22 October 1930

...If those heroic deeds have made such an impression upon you, would not the reading of the narrative arouse the friends to greater sacrifices and stimulate them to more intensive service? It was not mere physical torture that the friends in Persia had to endure but also moral persecution for they were cursed and vilified by all the people, especially when they ceased to defend themselves ... the Master used to say sometimes that the western friends will be severely persecuted but theirs will be primarily moral....


Letter of 30 November 1930

30 November 1930

He (the Guardian) is enclosing extracts from Lord Curzon’s “Persia and the Persian Question” giving a detailed and faithful description of the state of Persia in the middle of the 19th century. He thinks that references to the extracts ... will be of great value in showing to the reader the contrast between the decadent state of the government and the people at that time and the heroism and nobility of character displayed by the early disciples of the Báb... Shoghi Effendi is also sending you ... the Master’s words concerning the situation which led to the defensive action which the early disciples of the Báb were compelled to take in Mázindarán, Nayríz and Zanján. From these words it is evident that a systematic campaign of plunder and massacre had been initiated by the central government. Bahá’u’lláh, Who Himself was an active figure in those days and was regarded one of the leading exponents of the Faith of the Báb, states clearly His views in the Íqán that His conception of the sovereignty of the Promised Qá’im was purely a spiritual one, and not a material or political one... His view of the sovereignty of the Qá’im confirms the various evidences given in the text of the narrative itself of the views held by those who actually participated in these events such as Hujjat, Quddús, Mullá ?usayn. The very fact that these disciples were ready and willing to emerge from the fort and return to their homes after receiving the assurance that they would be no more molested is itself an evidence that they were not contemplating any action against the authorities.

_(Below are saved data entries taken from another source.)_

(* Let $\mathbf G$ be a torsion-free locally cyclic group such that $\mathcal O_{\mathbf G}(x)\cong\mathcal I_{\mathbf G}(x)$ (as graphs) for all $x\in G$. Then $\mathbf G\cong(\mathbb Q,+)$.
   Context: For a group $\mathbf G$, the directed $Z^\pm$-power graph $\vec{\mathcal G}^\pm(\mathbf G)$ has vertex set $G$ and an arc $x\to y$ for distinct $x,y$ iff $y=x^n$ for some $n\in\mathbb Z\setminus\{0\}$; its underlying simple graph is the $Z^\pm$-power graph $\mathcal G^\pm(\mathbf G)$ (distinct $x,y$ adjacent iff $y=x^n$ or $x=y^n$ for some nonzero integer $n$). For $x\in G$ let $I_{\mathbf G}(x)=\{y\in G\setminus\{x^{-1}\}\mid y\to x\}$ and $O_{\mathbf G}(x)=\{y\in G\setminus\{x^{-1}\}\mid x\to y\}$ (arcs in $\vec{\mathcal G}^\pm(\mathbf G)$), and let $\mathcal I_{\mathbf G}(x)$, $\mathcal O_{\mathbf G}(x)$ be the subgraphs of $\mathcal G^\pm(\mathbf G)$ induced by $I_{\mathbf G}(x)$, $O_{\mathbf G}(x)$ respectively. *)

From HB Require Import structures.
From Stdlib Require Lists.List.
From mathcomp Require Import all_boot all_order all_algebra.
Set Implicit Arguments. Unset Strict Implicit. Unset Printing Implicit Defensive.
Import GRing.Theory Num.Theory.

Record is_group (G : Type) (mul : G -> G -> G) (one : G) (inv : G -> G) : Prop :=
  { grp_assoc : forall a b c, mul a (mul b c) = mul (mul a b) c;
    grp_mul1g : forall a, mul one a = a;
    grp_mulg1 : forall a, mul a one = a;
    grp_mulVg : forall a, mul (inv a) a = one;
    grp_mulgV : forall a, mul a (inv a) = one }.

Definition npow (G : Type) (mul : G -> G -> G) (one : G) (x : G) (k : nat) : G :=
  iter k (mul x) one.

Definition zpow (G : Type) (mul : G -> G -> G) (one : G) (inv : G -> G)
    (x : G) (n : int) : G :=
  match n with
  | Posz k => npow mul one x k
  | Negz k => inv (npow mul one x k.+1)
  end.

Definition torsion_free (G : Type) (mul : G -> G -> G) (one : G) (inv : G -> G) : Prop :=
  forall (x : G) (n : int), n != 0 -> zpow mul one inv x n = one -> x = one.

Inductive gen (G : Type) (mul : G -> G -> G) (one : G) (inv : G -> G)
    (l : list G) : G -> Prop :=
  | gen_base : forall x, Stdlib.Lists.List.In x l -> gen mul one inv l x
  | gen_one : gen mul one inv l one
  | gen_inv : forall x, gen mul one inv l x -> gen mul one inv l (inv x)
  | gen_mul : forall x y, gen mul one inv l x -> gen mul one inv l y ->
              gen mul one inv l (mul x y).

Definition locally_cyclic (G : Type) (mul : G -> G -> G) (one : G) (inv : G -> G) : Prop :=
  forall l : list G, exists g : G,
    gen mul one inv l g /\
    (forall x, gen mul one inv l x <-> exists n : int, x = zpow mul one inv g n).

Definition arc (G : Type) (mul : G -> G -> G) (one : G) (inv : G -> G) (x y : G) : Prop :=
  x <> y /\ exists n : int, n != 0 /\ y = zpow mul one inv x n.

Definition adj (G : Type) (mul : G -> G -> G) (one : G) (inv : G -> G) (x y : G) : Prop :=
  arc mul one inv x y \/ arc mul one inv y x.

Definition Iset (G : Type) (mul : G -> G -> G) (one : G) (inv : G -> G) (x y : G) : Prop :=
  y <> inv x /\ arc mul one inv y x.
Definition Oset (G : Type) (mul : G -> G -> G) (one : G) (inv : G -> G) (x y : G) : Prop :=
  y <> inv x /\ arc mul one inv x y.

Definition induced_iso (V : Type) (e : V -> V -> Prop) (A B : V -> Prop) : Prop :=
  exists f : {y : V | A y} -> {y : V | B y},
    bijective f /\
    forall a b : {y : V | A y}, e (proj1_sig a) (proj1_sig b) <->
                               e (proj1_sig (f a)) (proj1_sig (f b)).

Definition iso_to_Q (G : Type) (mul : G -> G -> G) : Prop :=
  exists f : G -> rat, bijective f /\ forall a b, f (mul a b) = (f a + f b)%R.

(* Written additively, [G] is abelian, since any two elements are powers of a
   common one; fixing [g <> 0], the map sending [y] to [k / m], where
   [m y = k g], is then an injective homomorphism into [Q], onto as soon as [G]
   is divisible.  Divisibility is read off the graphs.  Call [w] dominated by
   [u] when the closed neighbourhood of [w] lies inside that of [u].  Through
   [n |-> n x], [O(x)] is the comparability graph of divisibility on the
   integers [n] with [|n| >= 2]; there a vertex [u] dominates [-u] and nothing
   else unless [|u|] is a prime power, in which case it dominates infinitely
   many vertices.  If [y] is not divisible by the prime [p], put [x = p^2 y]:
   through [n |-> x / n], [I(x)] is the same graph restricted to a
   divisor-closed set of integers containing [p^2] but no multiple of [p^3],
   and there [p] dominates exactly [-p], [p^2] and [-p^2].  So [O(x)] and
   [I(x)] are not isomorphic. *)

From HB Require Import structures.
From Pilot Require Import Defs.
From mathcomp Require Import all_boot all_order all_algebra.
From mathcomp Require Import zify ring.
From mathcomp Require boolp classical_sets.

Set Implicit Arguments. Unset Strict Implicit. Unset Printing Implicit Defensive.
Import GRing.Theory Num.Theory.

(** * Domination in graphs *)

Section Domination.
Variables (T : Type) (e : T -> T -> Prop) (P : T -> Prop).

Definition dominates (u w : T) : Prop :=
  w <> u /\ forall m, P m -> m = w \/ e m w -> m = u \/ e m u.

Definition dominates_exactly_three : Prop :=
  exists2 u, P u & exists a b c, [/\ P a, P b & P c] /\ [/\ a <> b, a <> c & b <> c] /\
    forall w, P w -> (dominates u w <-> (w = a \/ w = b \/ w = c)).

End Domination.

Lemma no_four_in_three (T : Type) (a b c x1 x2 x3 x4 : T) :
  (x1 = a \/ x1 = b \/ x1 = c) -> (x2 = a \/ x2 = b \/ x2 = c) ->
  (x3 = a \/ x3 = b \/ x3 = c) -> (x4 = a \/ x4 = b \/ x4 = c) ->
  x1 <> x2 -> x1 <> x3 -> x1 <> x4 -> x2 <> x3 -> x2 <> x4 -> x3 <> x4 -> False.
Proof. by move=> [->|[->|->]] [->|[->|->]] [->|[->|->]] [->|[->|->]]. Qed.

Section Transport.
Variables (T1 T2 : Type) (e1 : T1 -> T1 -> Prop) (e2 : T2 -> T2 -> Prop).
Variables (P1 : T1 -> Prop) (P2 : T2 -> Prop) (s : T1 -> T2).
Hypothesis s_map : forall x, P1 x -> P2 (s x).
Hypothesis s_onto : forall y, P2 y -> exists2 x, P1 x & s x = y.
Hypothesis s_inj : forall x y, P1 x -> P1 y -> s x = s y -> x = y.
Hypothesis s_adj : forall x y, P1 x -> P1 y -> (e1 x y <-> e2 (s x) (s y)).

Let s_eq x y : P1 x -> P1 y -> (x = y <-> s x = s y).
Proof. by move=> Px Py; split=> [->|]; last exact: s_inj. Qed.

Lemma dominates_transport u w : P1 u -> P1 w ->
  dominates e1 P1 u w <-> dominates e2 P2 (s u) (s w).
Proof.
move=> Pu Pw; split=> -[wu dom]; split.
- by move/(s_inj Pw Pu).
- move=> _ /s_onto[m Pm <-].
  by rewrite -(s_eq Pm Pw) -(s_eq Pm Pu) -(s_adj Pm Pw) -(s_adj Pm Pu); apply: dom.
- by move=> wu'; apply: wu; rewrite wu'.
- move=> m Pm; rewrite (s_eq Pm Pw) (s_eq Pm Pu) (s_adj Pm Pw) (s_adj Pm Pu).
  exact: dom (s_map Pm).
Qed.

Lemma dominates_exactly_three_transport :
  dominates_exactly_three e1 P1 <-> dominates_exactly_three e2 P2.
Proof.
split.
- move=> [u Pu [a [b [c [[Pa Pb Pc] [[ab ac bc] dom]]]]]].
  exists (s u); first exact: s_map.
  exists (s a), (s b), (s c); split; first by split; apply: s_map.
  split; first by split=> /s_inj; auto.
  move=> _ /s_onto[w Pw <-].
  by rewrite -(dominates_transport Pu Pw) (dom _ Pw) (s_eq Pw Pa) (s_eq Pw Pb) (s_eq Pw Pc).
- move=> [_ /s_onto[u Pu <-] [_ [_ [_ [[/s_onto[a Pa <-] /s_onto[b Pb <-] /s_onto[c Pc <-]]]]]]].
  move=> [[ab ac bc] dom].
  exists u => //; exists a, b, c; split=> //.
  split; first by split=> E; [apply: ab|apply: ac|apply: bc]; rewrite E.
  move=> w Pw.
  by rewrite (dominates_transport Pu Pw) (dom _ (s_map Pw)) (s_eq Pw Pa) (s_eq Pw Pb) (s_eq Pw Pc).
Qed.

End Transport.

Lemma dominates_exactly_three_induced_iso (V : Type) (e : V -> V -> Prop) (A B : V -> Prop) :
  induced_iso e A B -> dominates_exactly_three e B -> dominates_exactly_three e A.
Proof.
move=> [f [[g fK gK] f_adj]].
pose s x := if boolp.pselect (A x) is left Ax then proj1_sig (f (exist _ x Ax)) else x.
have sE x (Ax : A x) : s x = proj1_sig (f (exist _ x Ax)).
  by rewrite /s; case: boolp.pselect => // Ax'; rewrite (boolp.Prop_irrelevance Ax' Ax).
have sig_inj (P : V -> Prop) (a b : sig P) : proj1_sig a = proj1_sig b -> a = b.
  by case: a b => x Px [y Py] /= xy; subst y; rewrite (boolp.Prop_irrelevance Px Py).
suff iso : dominates_exactly_three e A <-> dominates_exactly_three e B by move/iso.
apply: (@dominates_exactly_three_transport _ _ e e A B s).
- by move=> x Ax; rewrite (sE x Ax); apply: proj2_sig.
- move=> y By; case E: (g (exist _ y By)) => [x Ax].
  by exists x; rewrite // (sE x Ax) -E gK.
- move=> x y Ax Ay; rewrite (sE x Ax) (sE y Ay) => /sig_inj/(can_inj fK).
  by move/(congr1 (@proj1_sig _ _)).
- by move=> x y Ax Ay; rewrite (sE x Ax) (sE y Ay); exact: (f_adj (exist _ x Ax) (exist _ y Ay)).
Qed.

(** * Comparability under divisibility *)

Definition dvd_comparable (m n : nat) : bool := (m %| n) || (n %| m).

Lemma dvd_comparable_refl n : dvd_comparable n n.
Proof. by rewrite /dvd_comparable dvdnn. Qed.

Definition dvd_dominates (U W : nat) : Prop :=
  forall M, 1 < M -> dvd_comparable M W -> dvd_comparable M U.

Lemma pfactor_of_prime_divisors q N : 0 < N ->
  (forall r, prime r -> r %| N -> r = q) -> N = q ^ logn q N.
Proof.
move=> N0 qN; rewrite -p_part part_pnat_id //.
by apply/pnatP => // r rP /(qN r rP) ->; rewrite inE.
Qed.

Lemma dvd_dominates_pow q a c : prime q -> a <= c -> dvd_dominates (q ^ a) (q ^ c).
Proof.
move=> qP ac M _ /orP[/(dvdn_pfactor _ _ qP)[s _ ->] | cM].
- by rewrite /dvd_comparable !dvdn_Pexp2l ?prime_gt1 // leq_total.
- by rewrite /dvd_comparable (dvdn_trans (dvdn_exp2l q ac) cM) orbT.
Qed.

Lemma dvd_dominates_dvdn U W : 1 < U -> 1 < W -> U != W -> dvd_dominates U W -> U %| W.
Proof.
move=> U1 W1 UW dom; have /orP[/dvdnP[k Uk] | //] := dom W W1 (dvd_comparable_refl W).
have k1 : 1 < k by case: k Uk => [|[|k]] Uk; rewrite // Uk ?mul1n ?eqxx in U1 UW.
have := dom (W * k.+1); rewrite /dvd_comparable dvdn_mulr // orbT.
move=> /(_ (leq_trans W1 (leq_pmulr W (ltn0Sn k))) isT).
rewrite Uk [k * W]mulnC !(dvdn_pmul2l (ltnW W1)) => /orP[/dvdn_leq | ].
- by move=> /(_ (ltnW k1)); rewrite ltnn.
- by rewrite -addn1 (dvdn_addr 1 (dvdnn k)) dvdn1 => /eqP k_eq1; rewrite k_eq1 in k1.
Qed.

Shoghi Effendi is also sending you an account of the doctrines of Shí’ah Islám from which the Movement originally sprang. It will help you to connect the origin of the Movement with the tenets and beliefs held by the Shí’ahs of Persia. The Báb declared Himself at the beginning of His mission to be the “Báb” by which He meant to be the gate or forerunner of “Him Whom God will make manifest”, that is to say Bahá’u’lláh, Whose advent the Shí’ahs also expected in the person of “the return of Imám ?usayn”. The Sunnis also believe in a similar twofold manifestation, the first they call “the Mihdí”, the second “the Return of Christ”. By the term Báb, the Báb meant to be the forerunner of the second manifestation rather than, as some have maintained, the gate of the Qá’im. When He declared Himself to be the Báb, the people understood by the term that He was an intermediary between the absent Qá’im and His followers, though He Himself never meant to be such a person. All He claimed to be was that He was the Qá’im Himself and in addition to this station, that of the Báb, namely the gate or forerunner of “Him Whom God will make manifest”.

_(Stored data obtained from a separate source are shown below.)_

Lemma excess_peel_max_row A b X Y Q l0 :
  rect_family A b X Y Q -> excess_bound_below (#|Q| + #|A|) ->
  l0 \in A -> b l0 < #|X l0| + #|Y l0| -> #|A| <= maxn #|X l0| #|Y l0| ->
  excess A b X Y <= #|Q|.
Proof.
move=> famQ IH l0A pos0 AM; have [sizeQ _ _] := famQ.
have := sizeQ l0 l0A; rewrite geq_max => /andP[Xb Yb].
have [XY | YX] := leqP #|X l0| #|Y l0|.
  have [j jX] : {j | j \in X l0} by apply/sigW/card_gt0P; lia.
  by apply: (excess_peel_column famQ IH l0A jX); lia.
have [k kY] : {k | k \in Y l0} by apply/sigW/card_gt0P; lia.
rewrite excessC -card_transpose.
apply: (excess_peel_column (rect_family_transpose famQ) _ l0A kY); last lia.
by move=> A' b' X' Y' Q' famQ'; rewrite card_transpose; apply: IH.
Qed.

Theorem excess_leq_card A b X Y Q : rect_family A b X Y Q -> excess A b X Y <= #|Q|.
Proof.
have [n] := ubnP (#|Q| + #|A|); elim: n => // n IHn in A b X Y Q * => lt_n famQ.
have IH : excess_bound_below (#|Q| + #|A|).
  by move=> A' b' X' Y' Q' famQ' lt'; apply: IHn famQ'; lia.
have [l0 /andP[l0A no_excess] | pos] := pickP [pred l in A | #|X l| + #|Y l| <= b l].
  exact (excess_drop_row famQ IH l0A no_excess).
have {}pos l : l \in A -> b l < #|X l| + #|Y l|.
  by move=> lA; move/negbT: (pos l); rewrite /= lA -ltnNge.
have [-> | [l1 l1A]] := set_0Vmem A; first by rewrite /excess big_set0.
pose M := \max_(l in A) maxn #|X l| #|Y l|.
have le_M l : l \in A -> maxn #|X l| #|Y l| <= M by apply: leq_bigmax_cond.
have [MA | ltMA] := leqP #|A| M; last exact (excess_reduce_min_row famQ IH le_M ltMA pos).
have A_gt0 : 0 < #|A| by apply/card_gt0P; exists l1.
have [l0 l0A eqM] := eq_bigmax_cond (fun l => maxn #|X l| #|Y l|) A_gt0.
by apply: excess_peel_max_row famQ IH l0A (pos l0 l0A) _; rewrite -eqM.
Qed.

End RectangleBound.

Lemma leq_foldr_maxn (s : seq nat) x : x \in s -> x <= foldr maxn 0 s.
Proof.
elim: s => //= y s IHs; rewrite in_cons => /predU1P[-> | /IHs]; first exact: leq_maxl.
by move/leq_trans; apply; apply: leq_maxr.
Qed.

Lemma sum_ltn_nat n z : \sum_(0 <= j < n) (j < z) = minn z n.
Proof.
elim: n => [|n IHn]; first by rewrite big_geq.
by rewrite big_nat_recr //= IHn; lia.
Qed.

Lemma sumn_take_conjugate (s : seq nat) k :
  sumn (take k (conjugate s)) = \sum_(z <- s) minn z k.
Proof.
rewrite /conjugate -map_take take_iota sumnE big_map.
under eq_bigr => j _ do rewrite -sum1_count big_mkcond /=.
rewrite exchange_big /= [LHS]big_seq [RHS]big_seq; apply: eq_bigr => z /leq_foldr_maxn z_le.
under eq_bigr => j _ do rewrite (_ : (if j.+1 <= z then 1 else 0) = (j < z)) //.
by rewrite -[minn k _]subn0 sum_ltn_nat; lia.
Qed.

Lemma wide_on_rows (a : seq nat) :
  wide a -> wide_on [set: 'I_(size a)] (fun i => nth 0 a i).
Proof.
move=> wide_a X _ [|k].
  by exists set0; rewrite ?sub0set ?cards0 // big1 // => i _; rewrite minn0.
set f := fun i : 'I_(size a) => nth 0 a i.
pose msk := [seq i \in X | i <- enum 'I_(size a)].
have mask_rows : mask msk a = [seq f i | i <- enum X].
  have {1}-> : a = [seq f i | i <- enum 'I_(size a)].
    by rewrite -[LHS](mkseq_nth 0) /mkseq -val_enum_ord -map_comp.
  by rewrite -map_mask -filter_mask enumT.
have [_ /(_ k.+1 isT)] := wide_a msk.
rewrite sumn_take_conjugate mask_rows -map_take sumnE !big_map big_enum /=.
set s := take k.+1 (enum X); have s_uniq : uniq s by rewrite take_uniq ?enum_uniq.
move=> dom_s; exists [set i in s].
  rewrite cardsE (card_uniqP s_uniq) size_take_min geq_minl andbT.
  by apply/subsetP => i; rewrite inE => /mem_take; rewrite mem_enum.
by rewrite (big_uniq _ s_uniq) in dom_s; rewrite (eq_bigl _ _ (in_set _)).
Qed.

Lemma nth_leq_width (a : seq nat) i : young a -> nth 0 a i <= width a.
Proof.
case: a => [|x s] young_a; first by rewrite nth_nil.
have [lt_i | le_i] := ltnP i (size (x :: s)); last by rewrite nth_default.
have le_nth := sorted_leq_nth (leT := fun x y => y <= x)
  (fun _ _ _ h1 h2 => leq_trans h2 h1) (fun x => leqnn x) 0 young_a.
exact: (le_nth 0 i).
Qed.

Definition row_cells (a : seq nat) (i : 'I_(size a)) := [set j : 'I_(width a) | j < nth 0 a i].

Lemma card_row_cells (a : seq nat) (i : 'I_(size a)) : young a -> #|row_cells i| = nth 0 a i.
Proof.
move/(nth_leq_width i) => le_width; rewrite -sum1_card big_mkcond /=.
rewrite -[in RHS](minn_idPl le_width) -sum_ltn_nat big_mkord.
by apply: eq_bigr => j _; rewrite inE; case: ltnP.
Qed.

Lemma set2_sub3 (T : finType) (x y z : T) (p : {set T}) :
  p \subset [set x; y; z] -> #|p| = 2 ->
  [\/ p = [set x; y], p = [set x; z] | p = [set y; z]].
Proof.
move=> /subsetP sub_p /eqP/cards2P[u [v [neq_uv p_uv]]]; subst p.
move: (sub_p u (set21 u v)) (sub_p v (set22 u v)); rewrite !inE -!orbA.
move=> /or3P[] /eqP eq_u /or3P[] /eqP eq_v; subst u v; rewrite ?eqxx // in neq_uv.
all: rewrite ?[[set y; x]]setUC ?[[set z; x]]setUC ?[[set z; y]]setUC.
all: first [by apply: Or31 | by apply: Or32 | by apply: Or33].
Qed.

Section TwoSets.
Variables m n : nat.
Local Notation V := (vert m n).
Implicit Types (P : {set {set V}}) (i : 'I_m).

Definition vpair (z : 'I_m * 'I_n + 'I_m * 'I_n + 'I_n * 'I_n) : {set V} :=
  match z with
  | inl (inl (i, j)) => [set rv i; cv j]
  | inl (inr (i, k)) => [set rv i; sv k]
  | inr (j, k) => [set cv j; sv k]
  end.

Lemma vpair_inj : injective vpair.
Proof.
move=> [[[i j]|[i j]]|[i j]] [[[i' j']|[i' j']]|[i' j']] /setP eq_pairs;
  rewrite /vpair /= in eq_pairs.
- move: (eq_pairs (rv i)) (eq_pairs (cv j)); rewrite !inE !eqxx /= !orbF.
  by move=> /esym/eqP[->] /esym/eqP[->].
- by move: (eq_pairs (cv j)); rewrite !inE !eqxx.
- by move: (eq_pairs (rv i)); rewrite !inE !eqxx.
- by move: (eq_pairs (sv j)); rewrite !inE !eqxx.
- move: (eq_pairs (rv i)) (eq_pairs (sv j)); rewrite !inE !eqxx /= !orbF.
  by move=> /esym/eqP[->] /esym/eqP[->].
- by move: (eq_pairs (rv i)); rewrite !inE !eqxx.
- by move: (eq_pairs (sv j)); rewrite !inE !eqxx.
- by move: (eq_pairs (cv i)); rewrite !inE !eqxx.
- move: (eq_pairs (cv i)) (eq_pairs (sv j)); rewrite !inE !eqxx /= ?orbF.
  by move=> /esym/eqP[->] /esym/eqP[->].
Qed.

Definition row_col_links P i := [set j | [set rv i; cv j] \in P].
Definition row_sym_links P i := [set k | [set rv i; sv k] \in P].
Definition col_sym_links P := [set jk : 'I_n * 'I_n | [set cv jk.1; sv jk.2] \in P].

Lemma card_sigma_set (F : 'I_m -> {set 'I_n}) :
  #|[set p : 'I_m * 'I_n | p.2 \in F p.1]| = \sum_i #|F i|.
Proof.
rewrite -sum1_card (eq_bigl (fun p => p.2 \in F p.1)) => [|p]; last by rewrite inE.
rewrite -(pair_big_dep xpredT (fun i j => j \in F i) (fun _ _ => 1)) /=.
by apply: eq_bigr => i _; rewrite sum1_card.
Qed.

Lemma card_links_leq P :
  \sum_i #|row_col_links P i| + \sum_i #|row_sym_links P i| + #|col_sym_links P| <= #|P|.
Proof.
have <- : #|vpair @^-1: P|
          = \sum_i #|row_col_links P i| + \sum_i #|row_sym_links P i| + #|col_sym_links P|.
  rewrite -!card_sigma_set -!sum1_card !big_sumType /=.
  by congr (_ + _ + _); apply: eq_bigl => -[x y]; rewrite !inE.
rewrite -(card_imset (vpair @^-1: P) vpair_inj).
by apply/subset_leq_card/subsetP => _ /imsetP[z /[!inE] Pz ->].
Qed.

End TwoSets.

Lemma sumn_nth (a : seq nat) : sumn a = \sum_(i < size a) nth 0 a i.
Proof. by rewrite sumnE (big_nth 0) big_mkord. Qed.

Lemma triple_in_HY (a : seq nat) (i : 'I_(size a)) j k :
  j \in row_cells i -> k \in row_cells i -> [set rv i; cv j; sv k] \in HY a.
Proof.
rewrite !inE => ji ki; apply/bigcupP; exists i => //.
by apply/imsetP; exists (j, k); rewrite ?inE ?ji.
Qed.

Lemma tau2_lower_bound (a : seq nat) P :
  young a -> wide a -> is_2cover (HY a) P -> ysize a <= #|P|.
Proof.
move=> young_a wide_a [P_pairs P_covers].
pose b (i : 'I_(size a)) := nth 0 a i.
have card_cells i : #|row_cells i| = b i by apply: card_row_cells.
pose X i := row_cells i :\: row_col_links P i.
pose Y i := row_cells i :\: row_sym_links P i.
have famQ : rect_family [set: 'I_(size a)] b X Y (col_sym_links P).
  split=> [i _ | i _ | ]; last exact: wide_on_rows.
    by rewrite geq_max -!card_cells !subset_leq_card ?subsetDl.
  apply/subsetP => -[j k] /setXP[/setDP[j_cell jPA] /setDP[k_cell kPB]].
  have [p Pp sub_p] := P_covers _ (triple_in_HY j_cell k_cell).
  have [card_p _] := P_pairs p Pp.
  case: (set2_sub3 sub_p card_p) => eq_p; rewrite eq_p in Pp.
  - by rewrite inE Pp in jPA.
  - by rewrite inE Pp in kPB.
  - by rewrite inE.
have row_le i :
    b i <= #|row_col_links P i| + #|row_sym_links P i| + (#|X i| + #|Y i| - b i).
  have := cardsID (row_col_links P i) (row_cells i).
  have := cardsID (row_sym_links P i) (row_cells i).
  have := subset_leq_card (subsetIr (row_cells i) (row_col_links P i)).
  have := subset_leq_card (subsetIr (row_cells i) (row_sym_links P i)).
  by rewrite /X /Y card_cells; lia.
apply: leq_trans _ (card_links_leq P); rewrite /ysize sumn_nth.
apply: leq_trans (leq_sum _ (fun i _ => row_le i)) _.
rewrite !big_split /= leq_add2l.
by have := excess_leq_card famQ; rewrite /excess (eq_bigl _ _ (@in_setT _)).
Qed.

Lemma tau2_upper_bound (a : seq nat) :
  young a -> exists P, is_2cover (HY a) P /\ #|P| = ysize a.
Proof.
move=> young_a.
pose D := [set p : 'I_(size a) * 'I_(width a) | p.2 \in row_cells p.1].
exists [set vpair (inl (inl p)) | p in D]; split; last first.
  rewrite card_imset => [|p q /vpair_inj [] //].
  rewrite (card_sigma_set (@row_cells a)) /ysize sumn_nth.
  by apply: eq_bigr => i _; apply: card_row_cells.
split=> [_ /imsetP[[i j] + ->] | _ /bigcupP[i _ /imsetP[[j k] + ->]]]; rewrite inE /=.
  move=> j_cell; split; first by rewrite cards2.
  exists [set rv i; cv j; sv j]; first exact: triple_in_HY.
  by apply/subsetP => v; rewrite !inE => /orP[] ->; rewrite ?orbT.
move=> /andP[j_cell _]; exists [set rv i; cv j].
  by apply/imsetP; exists (i, j); rewrite ?inE.
by apply/subsetP => v; rewrite !inE => /orP[] ->; rewrite ?orbT.
Qed.

Theorem theorem2 (a : seq nat) :
  young a -> wide a -> tau2_is (HY a) (ysize a).
Proof.
move=> young_a wide_a; split; first exact: tau2_upper_bound.
by move=> P; apply: tau2_lower_bound.
Qed.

There are many authorised traditions from Mu?ammad stating clearly (as explained in the Íqán) that the promised Qá’im would bring a new Book and new Laws. In other words abrogating the law of Islám.

Shoghi Effendi feels that the Unity of the Bahá’í revelation as one complete whole embracing the Faith of the Báb should be emphasised... The Faith of the Báb should not be divorced from that of Bahá’u’lláh. Though the teachings of the Bayán have been abrogated and superseded by the laws of Aqdas, yet due to the fact that the Báb considered Himself as the forerunner of Bahá’u’lláh we should regard His dispensation together with that of Bahá’u’lláh as forming one entity, the former being an introductory to the advent of the latter. Just as the advent of John the Baptist—who according to various authorities was Himself the originator of laws which abrogated the teachings current among the Jews—forms part of the Christian revelation, the advent of the Báb likewise forms an integral part of the Bahá’í Faith. That is why Shoghi Effendi feels justified to call Nabíl’s narrative a narrative of the early days of the Bahá’í revelation.